INPUT RECORDS:
Lemma collisions_iter k s : collisions s <= collisions (Nat.iter k fire s).
Proof.
  induction k as [|k IH]; [apply Z.le_refl|]. rewrite Nat.iter_succ.
  set (t := Nat.iter k fire s) in *. pose proof (collisions_fire t).
  pose proof (zsum2_nonneg _ t (fun a b _ _ => new_collision_nonneg t a b)). lia.
Qed.

(* On a periodic orbit both Lyapunov functions are constant, so no pair dissipates
   energy (the order of each pair is weakly reversed) and no two distinct stacks
   collide (so it is strictly reversed). *)
Lemma period_order_reversing s : period_config s -> order_reversing s.
Proof.
  intros [k [Hk P]]. destruct k as [|k]; [lia|]. rewrite Nat.iter_succ_r in P.
  assert (Ediss : zsum2 (dissipation s) s = 0).
  { pose proof (energy_fire s). pose proof (energy_iter k (fire s)).
    pose proof (zsum2_nonneg _ s (fun a b _ _ => dissipation_nonneg s a b)).
    assert (energy (Nat.iter k fire (fire s)) = energy s)
      by (unfold energy; rewrite (zsum_perm _ _ _ P), (zsum2_perm _ _ _ P); reflexivity).
    lia. }
  assert (Ecoll : zsum2 (new_collision s) s = 0).
  { pose proof (collisions_fire s). pose proof (collisions_iter k (fire s)).
    pose proof (zsum2_nonneg _ s (fun a b _ _ => new_collision_nonneg s a b)).
    assert (collisions (Nat.iter k fire (fire s)) = collisions s) by apply zsum2_perm, P.
    lia. }
  intros a b Ha Hb Hab.
  pose proof (zsum2_nonneg_eq0 _ _ (fun a b _ _ => dissipation_nonneg s a b) Ediss a b Ha Hb) as D.
  pose proof (zsum2_nonneg_eq0 _ _ (fun a b _ _ => new_collision_nonneg s a b) Ecoll a b Ha Hb) as C.
  unfold dissipation in D. unfold new_collision, same in C.
  rewrite (proj2 (Z.sgn_pos_iff (b - a))) in D by lia.
  destruct (Z.eqb_spec a b); [lia|]. destruct (Z.eqb_spec (fired s a) (fired s b)); lia.
Qed.

Lemma filter_length_perm {X : Type} (p : X -> bool) (l1 l2 : list X) :
  Permutation l1 l2 -> length (filter p l1) = length (filter p l2).
Proof.
  induction 1; cbn; auto.
  - destruct (p x); cbn; auto.
  - destruct (p x), (p y); cbn; auto.
  - congruence.
Qed.

Lemma fired_perm s1 s2 x : Permutation s1 s2 -> fired s1 x = fired s2 x.
Proof. intro P. unfold fired, n_above, n_below. rewrite !(filter_length_perm _ _ _ P). reflexivity. Qed.

Lemma fired_shift g s b : fired (map (Z.add g) s) (g + b) = g + fired s b.
Proof.
  unfold fired, n_above, n_below. rewrite !filter_map_swap, !length_map.
  rewrite (filter_ext (fun y => g + b <? g + y) (fun y => b <? y)),
          (filter_ext (fun y => g + y <? g + b) (fun y => y <? b))
    by (intro y; destruct (Z.ltb_spec (g + y) (g + b)), (Z.ltb_spec y b),
                          (Z.ltb_spec (g + b) (g + y)), (Z.ltb_spec b y); lia).
  lia.
Qed.

Lemma order_reversing_perm s1 s2 : Permutation s1 s2 -> order_reversing s1 -> order_reversing s2.
Proof.
  intros P R a b Ha Hb Hab. rewrite <- !(fired_perm _ _ _ P).
  apply R; auto; apply (Permutation_in _ (Permutation_sym P)); auto.
Qed.

Lemma order_reversing_shift g s : order_reversing (map (Z.add g) s) -> order_reversing s.
Proof.
  intros R a b Ha Hb Hab.
  pose proof (R (g + a) (g + b) (in_map _ _ _ Ha) (in_map _ _ _ Hb) ltac:(lia)).
  rewrite !fired_shift in *. lia.
Qed.

Lemma fired_above_block mu m rest x : mu < x ->
  fired (repeat mu m ++ rest) x = fired rest x - Z.of_nat m.
Proof.
  intro H. unfold fired, n_above, n_below. rewrite !filter_app, !length_app.
  induction m as [|m IH]; cbn [repeat filter]; [lia|].
  destruct (Z.ltb_spec x mu), (Z.ltb_spec mu x); cbn [length] in *; lia.
Qed.

Lemma fired_bottom_block x m rest : (forall y, In y rest -> x < y) ->
  fired (repeat x m ++ rest) x = x + Z.of_nat (length rest).
Proof.
  intro H. unfold fired, n_above, n_below. rewrite !filter_app, !length_app.
  rewrite (filter_ext_in (fun y => x <? y) (fun _ => true) rest),
          (filter_ext_in (fun y => y <? x) (fun _ => false) rest)
    by (intros y Hy; specialize (H y Hy); destruct (Z.ltb_spec x y), (Z.ltb_spec y x); lia).
  rewrite filter_true, filter_false.
  induction m as [|m IH]; cbn [repeat filter]; [cbn [length]; lia|].
  rewrite Z.ltb_irrefl. exact IH.
Qed.

Definition all_nonneg (t : list Z) : Prop := forall x, In x t -> 0 <= x.
Definition n_zeros (t : list Z) : nat := count_occ Z.eq_dec t 0.

Lemma n_zeros_repeat n : n_zeros (repeat 0 n) = n.
Proof. apply count_occ_repeat_eq. reflexivity. Qed.

Definition normal (n : nat) (t : list Z) : Prop :=
  length t = n /\ all_nonneg t /\ ((1 <= n)%nat -> In 0 t) /\ order_reversing t.

Lemma fired_zero t : all_nonneg t -> fired t 0 = Z.of_nat (length t) - Z.of_nat (n_zeros t).
Proof.
  unfold fired, n_above, n_below, n_zeros. induction t as [|y t IH]; intro N; [reflexivity|].
  pose proof (N y (or_introl eq_refl)).
  specialize (IH (fun z Hz => N z (or_intror Hz))). cbn [filter count_occ length].
  destruct (Z.eq_dec y 0), (Z.ltb_spec 0 y), (Z.ltb_spec y 0); cbn [length]; lia.
Qed.

Lemma normal_translate_zero t1 t2 c : all_nonneg t1 -> all_nonneg t2 -> In 0 t1 -> In 0 t2 ->
  Permutation t1 (map (Z.add c) t2) -> c = 0.
Proof.
  intros N1 N2 I1 I2 P.
  apply (Permutation_in _ P), in_map_iff in I1 as [y [Hy Iy]]. pose proof (N2 y Iy).
  assert (Ic : In (c + 0) t1) by (apply (Permutation_in _ (Permutation_sym P)), in_map, I2).
  pose proof (N1 _ Ic). lia.
Qed.

Lemma config_equiv_add s t : config_equiv s t <-> exists c, Permutation s (map (Z.add c) t).
Proof.
  unfold config_equiv.
  split; intros [c P]; exists c;
    [rewrite (map_ext (Z.add c) (fun x => x + c)) | rewrite (map_ext (fun x => x + c) (Z.add c))];
    auto; intros; lia.
Qed.

Lemma map_add0 t : map (Z.add 0) t = t.
Proof. rewrite <- (map_id t) at 2. apply map_ext. reflexivity. Qed.

Lemma map_add_add a b t : map (Z.add a) (map (Z.add b) t) = map (Z.add (a + b)) t.
Proof. rewrite map_map. apply map_ext. intro. lia. Qed.

Definition extend (m : nat) (g : Z) (t : list Z) : list Z := repeat 0 m ++ map (Z.add g) t.

Lemma in_extend m g t x :
  In x (extend m g t) <-> (x = 0 /\ (0 < m)%nat) \/ exists b, x = g + b /\ In b t.
Proof.
  unfold extend. rewrite in_app_iff, in_map_iff. split.
  - intros [H|[b [<- H]]]; [left|right; eauto].
    destruct m; [destruct H|]. split; [exact (repeat_spec _ _ _ H)|lia].
  - intros [[-> H]|[b [-> H]]]; [left|right; eauto]. destruct m; [lia|left; reflexivity].
Qed.

Lemma n_zeros_extend m g t : 1 <= g -> all_nonneg t -> n_zeros (extend m g t) = m.
Proof.
  intros Hg N. unfold n_zeros, extend. rewrite count_occ_app, count_occ_repeat_eq by reflexivity.
  rewrite (proj1 (count_occ_not_In _ _ _)); [lia|].
  intro H. apply in_map_iff in H as [b [Hb Ib]]. pose proof (N b Ib). lia.
Qed.

Lemma fired_extend_zero m g t : 1 <= g -> all_nonneg t ->
  fired (extend m g t) 0 = Z.of_nat (length t).
Proof.
  intros Hg N. unfold extend. rewrite fired_bottom_block, length_map; [lia|].
  intros y Hy. apply in_map_iff in Hy as [b [<- Hb]]. pose proof (N b Hb). lia.
Qed.

Lemma fired_extend_shift m g t b : 1 <= g -> 0 <= b ->
  fired (extend m g t) (g + b) = fired t b + g - Z.of_nat m.
Proof. intros Hg Hb. unfold extend. rewrite fired_above_block, fired_shift by lia. lia. Qed.

(* If the gap satisfies [g < m + n_zeros t], the zero block, which rises to
   [length t], overtakes the bottom of the lifted copy, which falls to
   [length t - n_zeros t + g - m]; so [extend m g t] is again a normal form. *)
Lemma normal_extend m g t j : (1 <= m)%nat -> (1 <= j)%nat -> normal j t ->
  1 <= g <= Z.of_nat (m + n_zeros t - 1) -> normal (m + j) (extend m g t).
Proof.
  intros Hm Hj [L [N [Z0 R]]] Hg. specialize (Z0 Hj).
  assert (Hz : (1 <= n_zeros t)%nat) by (apply count_occ_In; exact Z0).
  split; [|split; [|split]].
  - unfold extend. rewrite length_app, repeat_length, length_map. lia.
  - intros x Hx. apply in_extend in Hx as [[-> _]|[b [-> Hb]]]; [lia|]. pose proof (N b Hb). lia.
  - intros _. apply in_extend. left. split; [reflexivity|lia].
  - intros a b Ha Hb Hab. apply in_extend in Ha, Hb.
    destruct Ha as [[-> _]|[a' [-> Ha']]]; destruct Hb as [[-> _]|[b' [-> Hb']]];
      [lia| | pose proof (N a' Ha'); lia|].
    + pose proof (N b' Hb'). rewrite fired_extend_zero, fired_extend_shift by (auto; lia).
      assert (fired t b' <= fired t 0).
      { destruct (Z.eq_dec b' 0) as [->|]; [lia|]. apply Z.lt_le_incl, R; auto; lia. }
      rewrite fired_zero in *; auto. lia.
    + pose proof (N a' Ha'). pose proof (N b' Hb').
      rewrite !fired_extend_shift by lia. pose proof (R a' b' Ha' Hb' ltac:(lia)). lia.
Qed.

PROBLEM REQUIREMENTS: Copy exactly the stretch of data above from the line with "Lemma fired_bottom_block x" through the line with "Lemma normal_translate_zero t1", and omit all other lines.

REPLY TO THE EXERCISE:
Lemma fired_bottom_block x m rest : (forall y, In y rest -> x < y) ->
  fired (repeat x m ++ rest) x = x + Z.of_nat (length rest).
Proof.
  intro H. unfold fired, n_above, n_below. rewrite !filter_app, !length_app.
  rewrite (filter_ext_in (fun y => x <? y) (fun _ => true) rest),
          (filter_ext_in (fun y => y <? x) (fun _ => false) rest)
    by (intros y Hy; specialize (H y Hy); destruct (Z.ltb_spec x y), (Z.ltb_spec y x); lia).
  rewrite filter_true, filter_false.
  induction m as [|m IH]; cbn [repeat filter]; [cbn [length]; lia|].
  rewrite Z.ltb_irrefl. exact IH.
Qed.

Definition all_nonneg (t : list Z) : Prop := forall x, In x t -> 0 <= x.
Definition n_zeros (t : list Z) : nat := count_occ Z.eq_dec t 0.

Lemma n_zeros_repeat n : n_zeros (repeat 0 n) = n.
Proof. apply count_occ_repeat_eq. reflexivity. Qed.

Definition normal (n : nat) (t : list Z) : Prop :=
  length t = n /\ all_nonneg t /\ ((1 <= n)%nat -> In 0 t) /\ order_reversing t.

Lemma fired_zero t : all_nonneg t -> fired t 0 = Z.of_nat (length t) - Z.of_nat (n_zeros t).
Proof.
  unfold fired, n_above, n_below, n_zeros. induction t as [|y t IH]; intro N; [reflexivity|].
  pose proof (N y (or_introl eq_refl)).
  specialize (IH (fun z Hz => N z (or_intror Hz))). cbn [filter count_occ length].
  destruct (Z.eq_dec y 0), (Z.ltb_spec 0 y), (Z.ltb_spec y 0); cbn [length]; lia.
Qed.

Lemma normal_translate_zero t1 t2 c : all_nonneg t1 -> all_nonneg t2 -> In 0 t1 -> In 0 t2 ->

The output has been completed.